# Statefarm Kaggle submission (fast.ai homework3)
What I'll need to do:
* set up data structure into sample, train, valid, test
* Import VGG16
* pop the top layer, train it
* set all fully connected layers to trainable
* Improvements:
    * play with dropout parameter
    * add data augmentation
    * stack multiple versions of the classifier
    * apply batch norm
    * have a setup that adjusts learning rate
    
These are general imports, always make sure to run these

In [22]:
import os
import zipfile
import shutil
import csv
os.environ["KERAS_BACKEND"] = "theano"
import keras
import numpy as np
from keras.utils.data_utils import get_file
from keras.models import load_model
from keras.layers.normalization import BatchNormalization
from keras.layers import Dense, Dropout, Flatten, Lambda
from keras.layers.convolutional import Convolution2D, MaxPooling2D, ZeroPadding2D
from keras.models import Sequential
from keras.preprocessing.image import ImageDataGenerator
from keras.optimizers import Adam

model_url = "http://files.fast.ai/models/"
model_name = "vgg16.h5"
cache_dir = "models"

# Data structure
First we set up the data structure, with proper:
* sample 
* train
* validation
* test 
directories in the `processed` directory

In [None]:
raw_path = os.path.join(os.getcwd(), os.pardir, 'data', 'raw')
processed_path = os.path.join(os.getcwd(), os.pardir, 'data', 'processed')

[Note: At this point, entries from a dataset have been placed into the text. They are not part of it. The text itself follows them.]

(* Let $k\geq 1$ be an integer and $\lambda>0$ a real number. Let $f_k(x;\lambda)$ denote the probability mass function of the Poisson distribution of order $k$ with parameter $\lambda$. Then every mode $m_{k,\lambda}$ of $f_k(\cdot;\lambda)$ (i.e., every nonnegative integer $x$ at which $f_k(x;\lambda)$ attains its maximum over $x\in\{0,1,2,\dots\}$) satisfies \[ \left\lfloor \frac{\lambda k(k+1)}{2}\right\rfloor - \frac{k(k+1)}{2} + 1 - \delta_{k,1} \;\leq\; m_{k,\lambda} \;\leq\; \left\lfloor \frac{\lambda k(k+1)}{2}\right\rfloor, \] where $\delta_{k,1}$ is the Kronecker delta ($\delta_{k,1}=1$ if $k=1$ and $0$ otherwise).
   Context: For a positive integer $k$ and real $\lambda>0$, the Poisson distribution of order $k$ with parameter $\lambda$ is the distribution on $\{0,1,2,\dots\}$ with probability mass function \[ f_k(x;\lambda)=\sum e^{-k\lambda}\frac{\lambda^{x_1+x_2+\cdots+x_k}}{x_1!\,x_2!\cdots x_k!},\qquad x=0,1,2,\dots, \] where the sum is over all $k$-tuples $(x_1,\dots,x_k)$ of nonnegative integers with $x_1+2x_2+\cdots+kx_k=x$. Equivalently, its probability generating function is $\sum_{x\ge0}f_k(x;\lambda)s^x=e^{\lambda(-k+s+s^2+\cdots+s^k)}$. For $k=1$ it is the ordinary Poisson distribution. $\lfloor u\rfloor$ denotes the greatest integer not exceeding $u$. *)

From HB Require Import structures.
From mathcomp Require Import all_boot all_order all_algebra.
From mathcomp Require Import all_classical all_reals all_analysis.
Set Implicit Arguments. Unset Strict Implicit. Unset Printing Implicit Defensive.
Import Order.TTheory GRing.Theory Num.Theory.
Local Open Scope ring_scope.

(* Poisson distribution of order k with parameter lam:
   f_k(x;lam) = sum over (x_1,...,x_k) in N^k with x_1 + 2 x_2 + ... + k x_k = x
                of e^{-k lam} lam^{x_1+...+x_k} / (x_1! ... x_k!).
   A tuple is a finite function t : 'I_k -> 'I_(x+1) (each x_i <= x necessarily),
   where t i stands for x_{i+1}. *)
Definition poisson_order_pmf (R : realType) (k : nat) (lam : R) (x : nat) : R :=
  \sum_(t : {ffun 'I_k -> 'I_x.+1} | (\sum_(i < k) (i.+1 * t i))%N == x)
     expR (- (k%:R * lam)) * lam ^+ (\sum_(i < k) (t i : nat))%N
       / (\prod_(i < k) ((t i : nat)`!))%:R.

Definition is_mode (R : realType) (f : nat -> R) (x : nat) : Prop :=
  forall y : nat, f y <= f x.

From HB Require Import structures.
From mathcomp Require Import all_boot all_order all_algebra.
From mathcomp Require Import all_classical all_reals all_analysis.
From mathcomp Require Import ring lra zify.
Import Order.TTheory GRing.Theory Num.Theory.
Local Open Scope ring_scope.

(* Write f_k(y) = e^{-k lam} F(y), F(y) being the total mass lam^|t| / t! of
   the tuples t of degree y.  Removing one part of size i from a tuple gives
   the moment identities sum_t t_i mass(t) = lam F(y - i) and
   sum_t t_i^2 mass(t) = lam sum_s (s_i + 1) mass(s), over the tuples t of
   degree y and s of degree y - i (for i <= y); weighting the first by i and
   summing gives the recursion y F(y) = lam sum_i i F(y - i).
   At a mode m, with K = k(k+1)/2, the recursion gives m <= lam K.
   Cauchy-Schwarz between the two moments gives lam F(m) <= (lam + 1) F(m + i)
   for 1 <= i <= k, and feeding this into the recursion at m + k together
   with F(m + k) <= F(m) yields lam (lam K + k) <= (lam + 1) (m + k), which
   is the lower bound. *)

Lemma sum_weighted_sqr_le (R : realDomainType) (I : finType) (P : pred I)
    (a x : I -> R) :
  (forall i, P i -> 0 <= a i) ->
  (\sum_(i | P i) a i * x i) ^+ 2 <=
    (\sum_(i | P i) a i) * \sum_(i | P i) a i * x i ^+ 2.
Proof.
move=> a_ge0.
set A := \sum_(i | P i) a i; set B := \sum_(i | P i) a i * x i.
set C := \sum_(i | P i) a i * x i ^+ 2.
have expand s : \sum_(t | P t) a s * a t * (x s - x t) ^+ 2
    = a s * x s ^+ 2 * A - a s * x s * (2 * B) + a s * C.
  rewrite /A /B /C !mulr_sumr -sumrB -big_split /=.
  by apply: eq_bigr => t _; ring.
have : 0 <= \sum_(s | P s) \sum_(t | P t) a s * a t * (x s - x t) ^+ 2.
  apply: sumr_ge0 => s Ps; apply: sumr_ge0 => t Pt.
  by rewrite mulr_ge0 ?sqr_ge0 ?mulr_ge0 ?a_ge0.
under eq_bigr do rewrite expand.
rewrite big_split /= sumrB -!mulr_suml -/A -/B -/C.
lra.
Qed.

# Make directories sample, valid, train, test, first check if this whole step is necessary
if os.path.exists(os.path.join(processed_path, 'sample')):
    print 'Sample directory already exists, no need to do data structuring!'
else:
    os.mkdir(os.path.join(processed_path, 'sample'))
    os.mkdir(os.path.join(processed_path, 'sample', 'train'))
    os.mkdir(os.path.join(processed_path, 'sample', 'valid'))
    os.mkdir(os.path.join(processed_path, 'valid'))
    
    # Extract Kaggle zipfiles to correct path
    print 'Extracting zips, this may take a while...'
    img_zip_handle = zipfile.ZipFile(os.path.join(raw_path, 'imgs.zip'), 'r')
    img_zip_handle.extractall(processed_path)
    img_zip_handle.close()
    
    csv_zip_handle = zipfile.ZipFile(os.path.join(raw_path, 'driver_imgs_list.csv.zip'), 'r')
    csv_zip_handle.extractall(processed_path)
    csv_zip_handle.close()
    print 'Done extracting zips!'
    
    # Set up sample directory structure
    for i in range(10):
        dirname = 'c' + str(i)
        os.mkdir(os.path.join(processed_path, 'sample', 'train', dirname))
        os.mkdir(os.path.join(processed_path, 'sample', 'valid', dirname))
        os.mkdir(os.path.join(processed_path, 'valid', dirname))
        
    data = np.genfromtxt(os.path.join(processed_path, 'driver_imgs_list.csv'), delimiter=',', dtype=None)
    data = data[1:,:]
    drivers = np.unique(data[:,0])
    sample_drivers = np.random.choice(drivers, 3, replace=False)
    for i in range(2):
        driver_name = sample_drivers[i]
        driver_columns = data[data[:,0] == driver_name]
        for j in range(10):
            driver_class = 'c' + str(j)
            dest = os.path.join(processed_path, 'sample', 'train', driver_class)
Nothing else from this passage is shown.